I have been challenged with producing a method that will read in very large text files into a program these files can range from 2gb to 100gb.
The idea so far has been to read say a couple of 1000 lines of text into the method.
At the moment the program is setup using a stream reader reading a file line by line and processing the necessary areas of data found on that line.
using (StreamReader reader = new StreamReader("FileName"))
{
string nextline = reader.ReadLine();
string textline = null;
while (nextline != null)
{
textline = nextline;
Row rw = new Row();
var property = from matchID in xmldata
from matching in matchID.MyProperty
where matchID.ID == textline.Substring(0, 3).TrimEnd()
select matching;
string IDD = textline.Substring(0, 3).TrimEnd();
foreach (var field in property)
{
Field fl = new Field();
fl.Name = field.name;
fl.Data = textline.Substring(field.startByte - 1, field.length).TrimEnd();
fl.Order = order;
fl.Show = true;
order++;
rw.ID = IDD;
rw.AddField(fl);
}
rec.Rows.Add(rw);
nextline = reader.ReadLine();
if ((nextline == null) || (NewPack == nextline.Substring(0, 3).TrimEnd()))
{
d.ID = IDs.ToString();
d.Records.Add(rec);
IDs++;
DataList.Add(d.ID, d);
rec = new Record();
d = new Data();
}
}
}
The program goes on further and populates a class. ( just decided not to post the rest)

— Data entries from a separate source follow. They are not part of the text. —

(* Let $E$ be an $S$-scaled vector space and $u:E\to E$ a $1$-bounded $\tau$-morphism. For every $s\in]0,\tau[$ satisfying $\frac{3N_\tau^1(u)}{\tau-s}\le\frac12$ and every $x\in E_\tau$, one has: 1) $|(e^{-u}(\mathrm{Id}+u)-\mathrm{Id})x|_s\le\frac{36|x|_\tau}{(\tau-s)^2}N_\tau^1(u)^2$; 2) $|(e^{-u}(\mathrm{Id}+u)-\mathrm{Id})x|_s\le\frac{2|u(x)|_\tau}{\tau-s}N_\tau^1(u)$; 3) $|(e^{-u}-\mathrm{Id})x|_s\le\frac{6|x|_\tau}{\tau-s}N_\tau^1(u)$; 4) $|(e^{-u}-\mathrm{Id})x|_s\le 2|u(x)|_\tau$; 5) $|e^ux|_s\le 2|x|_\tau$.
   Context: An $S$-scaled vector space is $E=\bigcup_{s\in]0,S[}E_s$ where $(E_s)$ is a decreasing family of Banach spaces (norms $|\cdot|_s$) with inclusions $E_{s+\sigma}\subset E_s$ of norm $\le1$, with the direct-limit topology. A linear map $u:E\to E$ is a $\tau$-morphism if $u(E_{s'})\subset E_s$ continuously for all $s'\in]0,\tau]$, $s\in]0,s'[$; it is $1$-bounded if $|u(x)|_s\le C\sigma^{-1}|x|_{s+\sigma}$ for all $s\in]0,\tau[$, $\sigma\in]0,\tau-s]$, $x\in E_{s+\sigma}$, and $N_\tau^1(u)$ is the smallest such $C$. $e^{\pm u}:=\sum_{j\ge0}(\pm u)^j/j!$. In 2) and 4), $|y|_\tau$ is understood as $+\infty$ if $y\notin E_\tau$. *)

From HB Require Import structures.
From mathcomp Require Import all_boot all_order all_algebra.
From mathcomp Require Import boolp classical_sets reals.
Set Implicit Arguments. Unset Strict Implicit. Unset Printing Implicit Defensive.
Import Order.TTheory GRing.Theory Num.Theory.
Local Open Scope ring_scope.
Local Open Scope classical_set_scope.

(* An S-scaled vector space is modelled by a carrier vector space V over R,
   a family of predicates E s (s in ]0,S[) carving out the Banach spaces E_s,
   and their norms nrm s. *)
Definition is_scaled_space (R : realType) (V : lmodType R) (S : R)
    (E : R -> V -> Prop) (nrm : R -> V -> R) : Prop :=
  0 < S /\
  [/\
      (forall x : V, exists s, 0 < s < S /\ E s x),
      (forall s, 0 < s < S ->
         [/\ E s 0, (forall x y, E s x -> E s y -> E s (x + y))
           & (forall (a : R) x, E s x -> E s (a *: x))]),
      (forall s, 0 < s < S ->
         [/\ (forall x, E s x -> 0 <= nrm s x),
             (forall x, E s x -> nrm s x = 0 -> x = 0),
             (forall (a : R) x, E s x -> nrm s (a *: x) = `|a| * nrm s x)
           & (forall x y, E s x -> E s y -> nrm s (x + y) <= nrm s x + nrm s y)]),
      (forall s, 0 < s < S -> forall f : nat -> V,
         (forall n, E s (f n)) ->
         (forall eps, 0 < eps -> exists N, forall m n, (N <= m)%N -> (N <= n)%N ->
             nrm s (f m - f n) <= eps) ->
         exists y, E s y /\ forall eps, 0 < eps -> exists N, forall n, (N <= n)%N ->
             nrm s (f n - y) <= eps)
    &
      (forall s s', 0 < s -> s < s' -> s' < S -> forall x, E s' x ->
         E s x /\ nrm s x <= nrm s' x)].

Definition is_linear_map (R : realType) (V : lmodType R) (u : V -> V) : Prop :=
  forall (a : R) x y, u (a *: x + y) = a *: u x + u y.

Definition is_tau_morphism (R : realType) (V : lmodType R)
    (E : R -> V -> Prop) (nrm : R -> V -> R) (tau : R) (u : V -> V) : Prop :=
  is_linear_map u /\
  forall s' s, 0 < s' -> s' <= tau -> 0 < s -> s < s' ->
    (forall x, E s' x -> E s (u x)) /\
    exists C : R, forall x, E s' x -> nrm s (u x) <= C * nrm s' x.

Definition one_bound_consts (R : realType) (V : lmodType R)
    (E : R -> V -> Prop) (nrm : R -> V -> R) (tau : R) (u : V -> V) : set R :=
  [set C | 0 <= C /\
    forall s sigma x, 0 < s -> s < tau -> 0 < sigma -> sigma <= tau - s ->
      E (s + sigma) x -> nrm s (u x) <= C * sigma^-1 * nrm (s + sigma) x].

Definition one_bounded (R : realType) (V : lmodType R)
    (E : R -> V -> Prop) (nrm : R -> V -> R) (tau : R) (u : V -> V) : Prop :=
  one_bound_consts E nrm tau u !=set0.

Definition N1 (R : realType) (V : lmodType R)
    (E : R -> V -> Prop) (nrm : R -> V -> R) (tau : R) (u : V -> V) : R :=
  inf (one_bound_consts E nrm tau u).

(* partial sums  sum_{j<n} c^j/j! u^j x  of the series of e^{c u} x *)
Definition exp_partial (R : realType) (V : lmodType R) (u : V -> V) (c : R)
    (x : V) (n : nat) : V :=
  \sum_(j < n) ((c ^+ j) / (j`!)%:R) *: iter j u x.

Definition converges_in (R : realType) (V : lmodType R)
    (E : R -> V -> Prop) (nrm : R -> V -> R) (s : R) (f : nat -> V) (y : V) : Prop :=
  E s y /\ (forall n, E s (f n)) /\
  forall eps, 0 < eps -> exists N, forall n, (N <= n)%N -> nrm s (f n - y) <= eps.

From HB Require Import structures.
From mathcomp Require Import all_boot all_order all_algebra.
From mathcomp Require Import boolp classical_sets reals.
From mathcomp Require Import ring lra zify.
Import Order.TTheory GRing.Theory Num.Theory.
Set Implicit Arguments. Unset Strict Implicit. Unset Printing Implicit Defensive.
Lemma annih_creat_colmx_anticomm k l : (l < L)%N ->
  annih_colmx k *m creat_colmx l + creat_colmx l *m annih_colmx k =
  if k == l then 1%:M else 0.
Proof.
move=> l_lt; rewrite !mul_colmx => [|n n_lt _|n n_lt]; last first.
- by move=> nk; apply: occD_pow2_ltn.
- exact: subn_pow2_ltn.
have [<-|kl] := eqVneq k l; apply/matrixP => m n.
  rewrite !mxE /= -[m == n]/(nat_of_ord m == nat_of_ord n).
  case nk: (occ n k) => /=.
    have [n' n'k nE] := occ_pow2_split nk.
    rewrite nE addnK n'k /= add0r; case: (m == _ :> nat) => //.
    by rewrite jwsignD_pow2 // ltnn mulr1 mulrC jwsign_sqr.
  rewrite occD_pow2_same nk addnK /= addr0; case: (m == _ :> nat) => //.
  by rewrite jwsignD_pow2 ?nk // ltnn mulr1 jwsign_sqr.
rewrite !mxE /=; case nk: (occ n k) => /=; last first.
  case nl: (occ n l) => /=; first by rewrite addr0.
  by rewrite occD_pow2 ?nl // nk (negbTE kl) addr0.
have [n' n'k ->] := occ_pow2_split nk.
have n'kl : occ (n' + 2 ^ k) l = occ n' l by rewrite occD_pow2 // eq_sym (negbTE kl) addbF.
rewrite addnK n'kl; case n'l: (occ n' l) => /=; first by rewrite addr0.
rewrite occD_pow2 ?n'kl ?n'l // (negbTE kl) addbF occD_pow2_same n'k /=.
rewrite -addnA [(2 ^ k + _)%N]addnC addnA addnK.
case: (m == _ :> nat); last by rewrite addr0.
have n'lk : ~~ occ (n' + 2 ^ l) k by rewrite occD_pow2 ?n'l // (negbTE kl) addbF.
rewrite (jwsignD_pow2 _ n'lk) (jwsignD_pow2 _ (negbT n'l)) !(jwsignD_pow2 _ n'k) !ltnn !mulr1.
have := swap_signM kl; rewrite /swap_sign.
set a := if (k < l)%N then _ else _; set b := if (l < k)%N then _ else _ => ab.
transitivity (jw n' k * jw n' l * (a * b + 1)); first by ring.
by rewrite ab addNr mulr0.
Qed.

End CanonicalAnticommutation.

Section Adjoint.
Variables (R : realType) (n : nat).

Lemma adjmxM (A B : 'M[R[i]]_n) : adjmx (A *m B) = adjmx B *m adjmx A.
Proof. by rewrite /adjmx trmx_mul map_mxM. Qed.

Lemma adjmxD (A B : 'M[R[i]]_n) : adjmx (A + B) = adjmx A + adjmx B.
Proof. by rewrite /adjmx raddfD map_mxD. Qed.
(* There is an absolute constant $\alpha>0$ such that for every integer $k>5$ there exists a $k$-terminal network $(G,c)$ such that every mimicking network $(G',c')$ of $(G,c)$ satisfies $|V(G')|\ge 2^{\alpha k}$. Moreover, $G$ can be taken to be bipartite with all the terminals on one side of the bipartition and all the non-terminals on the other side.
   Context: A network $(G,c)$ is an undirected graph $G$ with edge costs $c:E(G)\to\mathbb{R}^+$; its size is $|V(G)|$. A $k$-terminal network additionally has a set $Q=\{q_1,\dots,q_k\}\subseteq V(G)$ of distinguished vertices called terminals. For $S\subset Q$ with $S\neq\emptyset,Q$, write $\bar S=Q\setminus S$; a cut $(W,V(G)\setminus W)$ is $S$-separating if $W\cap Q\in\{S,\bar S\}$. The cost of a cut is the total cost of the edges with exactly one endpoint in $W$ (the cutset). $\mathrm{mincut}_{G,c}(S,\bar S)$ denotes the minimum cost of an $S$-separating cut. A mimicking network of a $k$-terminal network $(G,c)$ is a $k$-terminal network $(G',c')$ with the same terminal set $Q$ such that $\mathrm{mincut}_{G',c'}(S,\bar S)=\mathrm{mincut}_{G,c}(S,\bar S)$ for every $S\subset Q$ with $S\neq\emptyset,Q$. *)

From mathcomp Require Import all_boot.
From Stdlib Require Import Reals.

Set Implicit Arguments.
Unset Strict Implicit.
Unset Printing Implicit Defensive.

(* A k-terminal network: a finite simple undirected graph (symmetric,
   irreflexive adjacency), a cost function that is symmetric and strictly
   positive on edges (only its values on edges are ever used), and k distinct
   terminals q_0, ..., q_{k-1} given by an injective labelling. *)
Record network (k : nat) := Network {
  netV : finType;
  adj : rel netV;
  cost : netV -> netV -> R;
  term : 'I_k -> netV;
  adj_sym : symmetric adj;
  adj_irr : irreflexive adj;
  cost_sym : forall x y, cost x y = cost y x;
  cost_pos : forall x y, adj x y -> (0 < cost x y)%R;
  term_inj : injective term
}.

Section Cuts.
Variables (k : nat) (N : network k).

Definition cut_cost (W : {set netV N}) : R :=
  \big[Rplus/0%R]_(x in W) \big[Rplus/0%R]_(y | (y \notin W) && adj x y) cost x y.

Definition separating (S : {set 'I_k}) (W : {set netV N}) : bool :=
  ([set i | term N i \in W] == S) || ([set i | term N i \in W] == ~: S).

(* minimum cost of an S-separating cut; the set term @: S is always
   S-separating, so the minimum is taken over a nonempty family *)
Definition mincut (S : {set 'I_k}) : R :=
  foldr Rmin (cut_cost (term N @: S))
    [seq cut_cost W | W <- enum [pred W : {set netV N} | separating S W]].

End Cuts.

Definition mimicking (k : nat) (N' N : network k) : Prop :=
  forall S : {set 'I_k}, S != set0 -> S != setT -> mincut N' S = mincut N S.

Definition terminal_bipartite (k : nat) (N : network k) : Prop :=
  forall x y : netV N, adj x y -> (x \in codom (term N)) != (y \in codom (term N)).

From mathcomp Require Import all_boot zify.
From Stdlib Require Import Reals Lra IndefiniteDescription.
(* Reals rebinds [^] on [nat] to [Nat.pow]; restore MathComp's [expn]. *)
Import ssrnat.
From HB Require Import structures.

Set Implicit Arguments.
Unset Strict Implicit.
Unset Printing Implicit Defensive.

(* Write k = p + 2 and L = 2^p.  The network G_p is the complete bipartite
   graph between the k terminals and L non-terminals, with integer costs.
   Each non-terminal i may be put on either side of a cut independently, so
   the S-separating min-cut of G_p is  f(S) = sum_i min(w_i(S), w_i(~S)),
   where w_i(X) is the cost from i to the terminals in X.  The costs are tuned
   so that for the L "row" sets S_j (terminal 1 plus the terminals 2 + r for
   the binary digits r of j) we get  f(S_j) = D * h_j + sum_(i < j) B^i;
   reading these numbers in base B shows that  y |-> sum_j y_j f(S_j)  is
   injective on coefficient vectors y bounded by H = (L + 1)^L.

   Conversely, in a network N' on n vertices, every cut cost is a combination
   sum_e c'(e) chi_W(e) over the n^2 ordered vertex pairs e.  Choosing minimum
   cuts W_j for the S_j, a pigeonhole (Siegel-type) argument produces, when
   n^2 < L, distinct y, y' bounded by H with sum_j y_j chi_(W_j) =
   sum_j y'_j chi_(W_j) pointwise; if N' mimics G_p this forces
   sum_j y_j f(S_j) = sum_j y'_j f(S_j), a contradiction.  Hence n^2 >= 2^p,
   i.e. n >= 2^(k/3) once k >= 6. *)

Section MinOfList.
Variables (T : eqType) (f : T -> R).
Local Open Scope R_scope.

Lemma foldr_Rmin_lb x0 s W : W \in s -> foldr Rmin x0 [seq f W | W <- s] <= f W.
Proof.
elim: s => //= a s IH; rewrite in_cons => /orP [/eqP -> | h].
  exact: Rmin_l.
exact: Rle_trans (Rmin_r _ _) (IH h).
Qed.

Lemma foldr_Rmin_glb x0 s b : b <= x0 -> (forall W, W \in s -> b <= f W) ->
  b <= foldr Rmin x0 [seq f W | W <- s].
Proof.
move=> h0; elim: s => //= a s IH H.
apply: Rmin_glb; first by apply: H; rewrite mem_head.
by apply: IH => W hW; apply: H; rewrite in_cons hW orbT.
Qed.

Lemma foldr_Rmin_attained x0 s : foldr Rmin x0 [seq f W | W <- s] = x0 \/
  exists2 W, W \in s & foldr Rmin x0 [seq f W | W <- s] = f W.
Proof.
elim: s => [|a s IH] /=; first by left.
rewrite /Rmin; case: Rle_dec => _.
  by right; exists a => //; rewrite mem_head.
case: IH => [->|[W hW ->]]; first by left.
by right; exists W => //; rewrite in_cons hW orbT.
Qed.
End MinOfList.

Section Mincut.
Variables (k : nat) (N : network k).

Lemma term_separating S : separating S (term N @: S).
Proof.
apply/orP; left; apply/eqP/setP => i; rewrite inE.
by apply/imsetP/idP => [[j hj /term_inj ->] //|h]; exists i.
Qed.

Lemma mincut_lb S (W : {set netV N}) : separating S W -> (mincut N S <= cut_cost W)%R.
Proof. by move=> h; apply: foldr_Rmin_lb; rewrite mem_enum. Qed.

Lemma mincut_glb S b :
  (forall W : {set netV N}, separating S W -> b <= cut_cost W)%R -> (b <= mincut N S)%R.
Proof.
move=> H; apply: foldr_Rmin_glb; first exact: H (term_separating S).
by move=> W; rewrite mem_enum => /H.
Qed.
(* Let $(N_0,c,w,P)$ be an RS-situation. Then there exist prices $w_i^*\in[c,p_i(q_i^c)]$, $i\in N$, such that for every $i\in N$ \[\Pi_i^{ret}(q_i^c;w_i^* )\ \ge\ \max_{S\subseteq N:\, i\in S}\Pi_i^{ret}(q_i^S;w(q_S^S)).\]
   Context: Let $c\in\mathbb{R}$. An RS-problem is a triple $(c,w,p)$ where $w:\mathbb{R}_+\to(c,+\infty)$ is decreasing (non-increasing) and continuous, and $p:\mathbb{R}_+\to\mathbb{R}$ is decreasing (non-increasing) and continuous, satisfies $p(0)>w(0)$, and there exists $q>0$ with $p(q)=c$. An RS-situation is a tuple $(N_0,c,w,P)$ where $N=\{1,\dots,n\}$ is the set of retailers, $0$ denotes the supplier, $N_0=N\cup\{0\}$, $P=(p_1,\dots,p_n)$, and $(c,w,p_i)$ is an RS-problem for each $i\in N$. For $q\ge0$ and $\omega\in\mathbb{R}$, $\Pi_i^{ret}(q;\omega)=(p_i(q)-\omega)q$. For nonempty $S\subseteq N$, $(q_i^S)_{i\in S}$ is a fixed optimal solution of: maximize $\sum_{i\in S}(p_i(q_i)-w(q_S))q_i$ over $q\in\mathbb{R}_+^{S}$ subject to $p_i(q_i)\ge w(q_S)$ for all $i\in S$, where $q_S=\sum_{i\in S}q_i$; $q_S^S=\sum_{i\in S}q_i^S$. For $i\in N$, $q_i^c$ is a fixed optimal solution of: maximize $(p_i(q)-c)q$ over $q\ge0$ subject to $p_i(q)\ge c$. *)

From HB Require Import structures.
From mathcomp Require Import all_boot all_order all_algebra.
From mathcomp Require Import all_classical all_reals all_analysis.
Set Implicit Arguments. Unset Strict Implicit. Unset Printing Implicit Defensive.
Import Order.TTheory GRing.Theory Num.Theory.
Import numFieldNormedType.Exports.
Local Open Scope classical_set_scope.
Local Open Scope ring_scope.

Section RS.
Variable R : realType.

Definition Rplus : set R := [set x : R | 0 <= x].

Definition nonincr_on_Rplus (f : R -> R) : Prop :=
  forall x y : R, 0 <= x -> x <= y -> f y <= f x.

Definition wholesale_ok (c : R) (w : R -> R) : Prop :=
  [/\ forall q : R, 0 <= q -> c < w q,
      nonincr_on_Rplus w &
      {within Rplus, continuous w}].

Definition RS_problem (c : R) (w p : R -> R) : Prop :=
  [/\ wholesale_ok c w,
      nonincr_on_Rplus p,
      {within Rplus, continuous p},
      w 0 < p 0 &
      exists q : R, 0 < q /\ p q = c].

Definition RS_situation (n : nat) (c : R) (w : R -> R) (P : 'I_n -> R -> R) : Prop :=
  forall i : 'I_n, RS_problem c w (P i).

Definition Pi_ret (p : R -> R) (q omega : R) : R := (p q - omega) * q.

Definition qtot (n : nat) (S : {set 'I_n}) (q : 'I_n -> R) : R :=
  \sum_(i in S) q i.

Definition coal_feasible (n : nat) (w : R -> R) (P : 'I_n -> R -> R)
    (S : {set 'I_n}) (q : 'I_n -> R) : Prop :=
  forall i : 'I_n, i \in S -> 0 <= q i /\ w (qtot S q) <= P i (q i).

Definition coal_obj (n : nat) (w : R -> R) (P : 'I_n -> R -> R)
    (S : {set 'I_n}) (q : 'I_n -> R) : R :=
  \sum_(i in S) (P i (q i) - w (qtot S q)) * q i.

Definition coal_opt (n : nat) (w : R -> R) (P : 'I_n -> R -> R)
    (S : {set 'I_n}) (q : 'I_n -> R) : Prop :=
  coal_feasible w P S q /\
  forall q' : 'I_n -> R, coal_feasible w P S q' ->
    coal_obj w P S q' <= coal_obj w P S q.

Definition indiv_opt (c : R) (p : R -> R) (q : R) : Prop :=
  (0 <= q /\ c <= p q) /\
  forall q' : R, 0 <= q' -> c <= p q' -> (p q' - c) * q' <= (p q - c) * q.

End RS.

From HB Require Import structures.
From mathcomp Require Import all_boot all_order all_algebra.
From mathcomp Require Import all_classical all_reals all_analysis.
Import Order.TTheory GRing.Theory Num.Theory.
Set Implicit Arguments. Unset Strict Implicit.
Local Open Scope ring_scope.

(* The prices w_i^* = c work.  In any coalition S the wholesale price w(q_S^S)
   exceeds c, so retailer i's profit at q_i^S is at most its profit at the same
   quantity and price c; and q_i^S is feasible for the individual problem
   (p_i(q_i^S) >= w(q_S^S) > c), whose optimum q_i^c therefore does better. *)

Section RetailerProfit.
Variable R : realType.

Lemma Pi_ret_le_price (p : R -> R) (q omega1 omega2 : R) :
  0 <= q -> omega1 <= omega2 -> Pi_ret p q omega2 <= Pi_ret p q omega1.
Proof. by move=> q0 le12; rewrite /Pi_ret ler_wpM2r // lerB. Qed.

Lemma indiv_opt_Pi_ret_max (c : R) (p : R -> R) (qc q : R) :
  indiv_opt c p qc -> 0 <= q -> c <= p q -> Pi_ret p q c <= Pi_ret p qc c.
Proof. by move=> [_ qc_max]; exact: qc_max. Qed.

Lemma qtot_ge0 (n : nat) (w : R -> R) (P : 'I_n -> R -> R)
    (S : {set 'I_n}) (q : 'I_n -> R) :
  coal_feasible w P S q -> 0 <= qtot S q.
Proof. by move=> feas; apply: sumr_ge0 => j jS; exact: (feas j jS).1. Qed.

Lemma coal_profit_le_monopoly_profit (n : nat) (c : R) (w : R -> R)
    (P : 'I_n -> R -> R) (S : {set 'I_n}) (q : 'I_n -> R) (qc : R) (i : 'I_n) :
  wholesale_ok c w -> coal_feasible w P S q -> indiv_opt c (P i) qc ->
  i \in S -> Pi_ret (P i) (q i) (w (qtot S q)) <= Pi_ret (P i) qc c.
Proof.
move=> [w_gt_c _ _] feas opt_qc iS.
have [qi0 w_le_pi] := feas i iS.
have c_lt_w : c < w (qtot S q) by apply: w_gt_c; exact: qtot_ge0 feas.
apply: le_trans (Pi_ret_le_price (P i) qi0 (ltW c_lt_w)) _.
apply: indiv_opt_Pi_ret_max opt_qc qi0 _.
exact: le_trans (ltW c_lt_w) w_le_pi.
Qed.

End RetailerProfit.

Theorem lemma5p4 (R : realType) (n : nat) (c : R) (w : R -> R)
    (P : 'I_n -> R -> R)
    (qS : {set 'I_n} -> 'I_n -> R) (qc : 'I_n -> R) :
  RS_situation c w P ->
  (forall S : {set 'I_n}, S != finset.set0 -> coal_opt w P S (qS S)) ->
  (forall i : 'I_n, indiv_opt c (P i) (qc i)) ->
  exists ws : 'I_n -> R,
    forall i : 'I_n,
      (c <= ws i /\ ws i <= P i (qc i)) /\
      forall S : {set 'I_n}, i \in S ->
        Pi_ret (P i) (qS S i) (w (qtot S (qS S))) <= Pi_ret (P i) (qc i) (ws i).
Proof.
move=> situation qS_opt qc_opt; exists (fun _ => c) => i.
split; first by have [[_ c_le_pqc] _] := qc_opt i.
move=> S iS.
have S_neq0 : S != finset.set0 by apply/set0Pn; exists i.
have [[w_ok _ _ _ _] [feas _]] := (situation i, qS_opt S S_neq0).
exact: coal_profit_le_monopoly_profit w_ok feas (qc_opt i) iS.
Qed.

I know that once the program is shown an extremely large file, memory exception errors will occur.
so that is my current problem and so far i have been googling several approaches with many people just answering use a stream reader and reader.readtoend, i know readtoend wont work for me as i will get those memory errors.
Finally i have been looking into async as a way of creating a method that will read a certain amount of lines and wait for a call before processing the next amount of lines.
This brings me to my problem i am struggling to understand async and i can't seem to find any material that will help me learn and was hoping someone here can help me out with a way to understand async.
Of course if anyone knows of a better way to solve this problem I am all ears.
EDIT Added the remainder of the code to put a end to any confusion.
Your problem isn't synchronous v's asynchronous, it's that you're reading the entire file and storing parts of the file in memory before you do something with that data.
If you were reading each line, processing it and writing the result to another file/database, then
StreamReader
will let you process multi GB (or TB) files.Theres only a problem if you're storing a portions of the file until you finish reading it, then you can run into memory issues (but you'd be surprised how large you can let
Lists
&Dictionaries
get before you run out of memory)What you need to do is save your processed data as soon as you can, and not keep it in memory (or keep as little in memory as possible).
With files that large you may need to keep your working set (your processing data) in a database - possibly something like SqlExpress or SqlLite would do (but again, it depends on how large your working set gets).
Hope this helps, don't hesitate to ask further questions in the comments, or edit your original question, I'll update this answer if I can help in any way.
Update - Paging/Chunking
You need to read the text file in chunks of one page, and allow the user to scroll through the "pages" in the file. As the user scrolls you read and present them with the next page.
Now, there are a couple of things you can do to help yourself, always keep about 10 pages in memory, this allows your app to be responsive if the user pages up / down a couple of pages very quickly. In the applications idle time (Application Idle event) you can read in the next few pages, again you throw away pages that are more than five pages before or after the current page.
Paging backwards is a problem, because you don't know where each line begins or ends in the file, therefore you don't know where each page begins or ends. So for paging backwards, as you read down through the file, keep a list of offsets to the start of each page (
Stream.Pos
), then you can quicklySeek
to a given position and read the page in from there.If you need to allow the user to search through the file, then you pretty much read through the file line by line (remembering the page offsets as you go) looking for the text, then when you find something, read in and present them with that page.
You can speed everything up by pre-processing the file into a database, there are grid controls that will work off a dynamic dataset (they will do the paging for you) and you get the benefit of built in searches / filters.
So, from a certain point of view, this is reading the file asynchronously, but that's from the users point of view. But from a technical point of view, we tend to mean something else when we talk about doing something asynchronous when programming.